Most of Droitwich's recent growth has been modern concrete interlocking tile — Copcut, Yew Tree Hill and the in-fill developments around them. New owners often assume a ten- or fifteen-year-old roof is too young to need anything doing. In the dry it might be; in the Salwarpe valley it isn't. Concrete tile leaves the factory with a thin surface coating, and once that coating starts to weather — which in this damp air happens sooner than the brochure suggests — the slightly porous, textured surface underneath gives algae and moss spores something to grip. You first see it as black streaking on the north-facing pitch, then green creeping up from the gutter line. Treating it early, with a soft-wash and biocide while the tile is still sound, is the cheapest and gentlest point to act: it lifts the growth, slows how fast the tile weathers, and keeps the roof looking like the day it went on.

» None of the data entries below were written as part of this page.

Definition admissible_integral_submodule (r s n m : nat) (G : 'M[R]_n)
    (J : 'I_(r + s) -> 'M[R]_n) (W : 'M[R]_(m, n)) : Prop :=
  [/\
      forall i, (W *m J i <= W)%MS,
      (* the restriction <.,.>_W is a scalar product (non-degenerate;
         symmetry and bilinearity are inherited) *)
      (forall x : 'rV[R]_n, (x <= W)%MS ->
         (forall y : 'rV[R]_n, (y <= W)%MS -> bform G x y = 0) -> x = 0),
      (forall i (x y : 'rV[R]_n), (x <= W)%MS -> (y <= W)%MS ->
         bform G (x *m J i) y = - bform G x (y *m J i)) &
      exists w : 'I_(\rank W) -> 'rV[R]_n,
        [/\ forall a, (w a <= W)%MS,
            row_free (\matrix_(a < \rank W) w a),
            is_orthonormal G w &
            forall i a b, in_pm1_0 (bform G (w a *m J i) (w b))]].

End Defs.

Definition gen (r : nat) (i : 'I_r) : 'I_(r + 1) := lshift 1 i.
Definition lastgen (r : nat) : 'I_(r + 1) :=
  Ordinal (eq_leq (esym (addn1 r)) : (r < r + 1)%N).

From HB Require Import structures.
From mathcomp Require Import all_boot all_order all_algebra.
From mathcomp Require Import reals complex zify.
Set Implicit Arguments. Unset Strict Implicit. Unset Printing Implicit Defensive.
Import Order.TTheory GRing.Theory Num.Theory.
Local Open Scope ring_scope.

(* The doubled family u_1, ..., u_l, u_1 J_{r+1}, ..., u_l J_{r+1} is again
   orthonormal, because J_{r+1} is skew, squares to 1 and anticommutes with
   J_1, ..., J_r; its Gram and Clifford coefficients are, up to sign, those of
   the u_a or 0.  So W is an admissible integral Cl_{r,1}-module of dimension 2l.

   For minimality, let V be any admissible Cl_{r,1}-module.  Averaging the
   standard form over the products of the generators gives a positive definite
   form g for which J_1, ..., J_r are skew and J_{r+1} is symmetric.  The
   operator T with <x, y>_V = g(x T, y) commutes with J_1, ..., J_r and, being
   g-self-adjoint, has a real eigenvalue.  Its eigenspace is proper (T is not
   scalar, since J_{r+1} is skew for <.,.>_V but symmetric for g), so it or its
   g-orthogonal complement is a Cl_{r,0}-submodule of dimension at most dim V / 2,
   admissible for the restriction of g.  Hence dim V >= 2l. *)

Lemma matrix_eq_by_form (R : comNzRingType) (d : nat) (M N : 'M[R]_d) :
  (forall x y : 'rV[R]_d, (x *m M *m y^T) 0 0 = (x *m N *m y^T) 0 0) -> M = N.
Proof.
have entry (A : 'M[R]_d) i j :
    (delta_mx (0 : 'I_1) i *m A *m (delta_mx (0 : 'I_1) j)^T) 0 0 = A i j.
  by rewrite trmx_delta -rowE -colE !mxE.
by move=> H; apply/matrixP => i j; rewrite -entry H entry.
Qed.

Section Forms.
Variables (R : realType) (d : nat) (G : 'M[R]_d).
Implicit Types (x y : 'rV[R]_d) (K : 'M[R]_d).

Lemma bform_sym x y : G^T = G -> bform G x y = bform G y x.
Proof.
move=> sG; rewrite /bform -[in LHS](trmxK (x *m G *m y^T)) [in LHS]mxE.
by rewrite !trmx_mul trmxK sG mulmxA.
Qed.

Lemma bformNl x y : bform G (- x) y = - bform G x y.
Proof. by rewrite /bform !mulNmx mxE. Qed.

Lemma bform_gram (k : nat) (M : 'M[R]_(k, d)) a b :
  (M *m G *m M^T) a b = bform G (row a M) (row b M).
Proof.
have -> : (M *m G *m M^T) a b = (col b (row a (M *m G *m M^T))) 0 0 by rewrite !mxE.
by rewrite !row_mul colE -mulmxA -colE -tr_row.
Qed.

Lemma bform_skewP K :
  reflect (forall x y, bform G (x *m K) y = - bform G x (y *m K))
          (K *m G == - (G *m K^T)).
Proof.
apply: (iffP eqP) => [H x y|H].
  by rewrite /bform -(mulmxA x K) H trmx_mul mulmxN mulNmx mxE !mulmxA.
apply: matrix_eq_by_form => x y; have := H x y; rewrite /bform !mulmxA => ->.
by rewrite trmx_mul !mulmxA mulmxN mulNmx [RHS]mxE !mulmxA.
Qed.

End Forms.

Lemma admissible_skew (R : realType) (r s d : nat) (G : 'M[R]_d)
    (J : 'I_(r + s) -> 'M[R]_d) i :
  admissible G J -> J i *m G = - (G *m (J i)^T).
Proof. by move=> [_ _ H]; apply/eqP/bform_skewP. Qed.

Section Clifford.
Variables (R : realType) (r s d : nat) (J : 'I_(r + s) -> 'M[R]_d).
Hypothesis cl : clifford_rep J.

Lemma clifford_sq i : J i *m J i = (- cl_norm R i)%:M.
Proof.
have := cl i i; rewrite eqxx => E.
have E2 : (2:R) *: (J i *m J i) = (2:R) *: (- cl_norm R i)%:M.
  by rewrite scale_scalar_mx mulrN -E scaler_nat mulr2n.
by move/scalerI: E2; apply; rewrite pnatr_eq0.
Qed.

Lemma clifford_anticomm i j : i != j -> J i *m J j = - (J j *m J i).
Proof.
move=> ij; have := cl i j; rewrite (negbTE ij) => E.
by apply/eqP; rewrite -addr_eq0 E; apply/eqP/matrixP=> a b; rewrite !mxE mul0rn.
Qed.

End Clifford.

Lemma gen_inj r : injective (@gen r).
Proof. by move=> i j /(congr1 val) /= E; apply: val_inj. Qed.

Lemma gen_neq_lastgen r (i : 'I_r) : gen i != lastgen r.
Proof. by apply/eqP => /(congr1 val) /= E; move: (ltn_ord i); rewrite E ltnn. Qed.

Lemma genP r (i : 'I_(r + 1)) : (exists j, i = gen j) \/ i = lastgen r.
Proof.
case: (ltnP i r) => h; [left; exists (Ordinal h) | right]; apply: val_inj => //=.
by apply/eqP; rewrite eqn_leq h -ltnS -(addn1 r) ltn_ord.
Qed.

Lemma cl_norm_gen (R : realType) r (i : 'I_r) : cl_norm R (gen i) = 1.
Proof. by rewrite /cl_norm /= ltn_ord. Qed.

Lemma cl_norm_lastgen (R : realType) r : cl_norm R (lastgen r) = -1.
Proof. by rewrite /cl_norm /= ltnn. Qed.

Section PositiveForms.
Variables (R : rcfType) (d : nat).
Implicit Types (K g : 'M[R]_d) (Ks : seq 'M[R]_d).

Definition hform g (v : 'rV[R[i]]_d) : R[i] :=
  (v *m map_mx (real_complex R) g *m (map_mx Num.conj v)^T) 0 0.

Lemma conj_map_real_complex m k (K : 'M[R]_(m, k)) :
  map_mx Num.conj (map_mx (real_complex R) K) = map_mx (real_complex R) K.
Proof. by apply/matrixP=> a b; rewrite !mxE; exact: conjc_real. Qed.

Lemma hform0 g : hform g 0 = 0.
Proof. by rewrite /hform !mul0mx mxE. Qed.

Lemma hform1_gt0 v : v != 0 -> 0 < hform 1%:M v.
Proof.
move=> vn0; have sq_ge0 j : 0 <= v 0 j * (v 0 j)^* by exact: mul_conjC_ge0.
have -> : hform 1%:M v = \sum_j v 0 j * (v 0 j)^*.
  rewrite /hform map_scalar_mx /= rmorph1 mulmx1 mxE.
  by apply: eq_bigr => j _; rewrite !mxE.
rewrite lt_def sumr_ge0 ?andbT //; apply: contra vn0 => /eqP/psumr_eq0P H.
apply/eqP/rowP => j; rewrite mxE; apply/eqP; rewrite -mul_conjC_eq0.
by rewrite H.
Qed.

The town centre is the opposite end of the scale. The Droitwich Spa conservation area takes in around 46 listed buildings — among them two Grade I and two Grade II* — across the Tudor and Georgian streets: Friar Street, the High Street, St Andrew's Street, Queen Street and the lanes between. A good number of those roofs are old clay, stone or slate on timber frames, and the famous lean of the High Street buildings is no accident — the ground beneath the centre has subsided for centuries over the brine and salt workings that made the town. That history is exactly why these roofs need the lightest possible hand. On them we hand-scrape only, never pressure, because force cracks old tile, drives water into a structure that has stayed watertight by careful balance, and can disturb a roof already carrying the strain of subsidence.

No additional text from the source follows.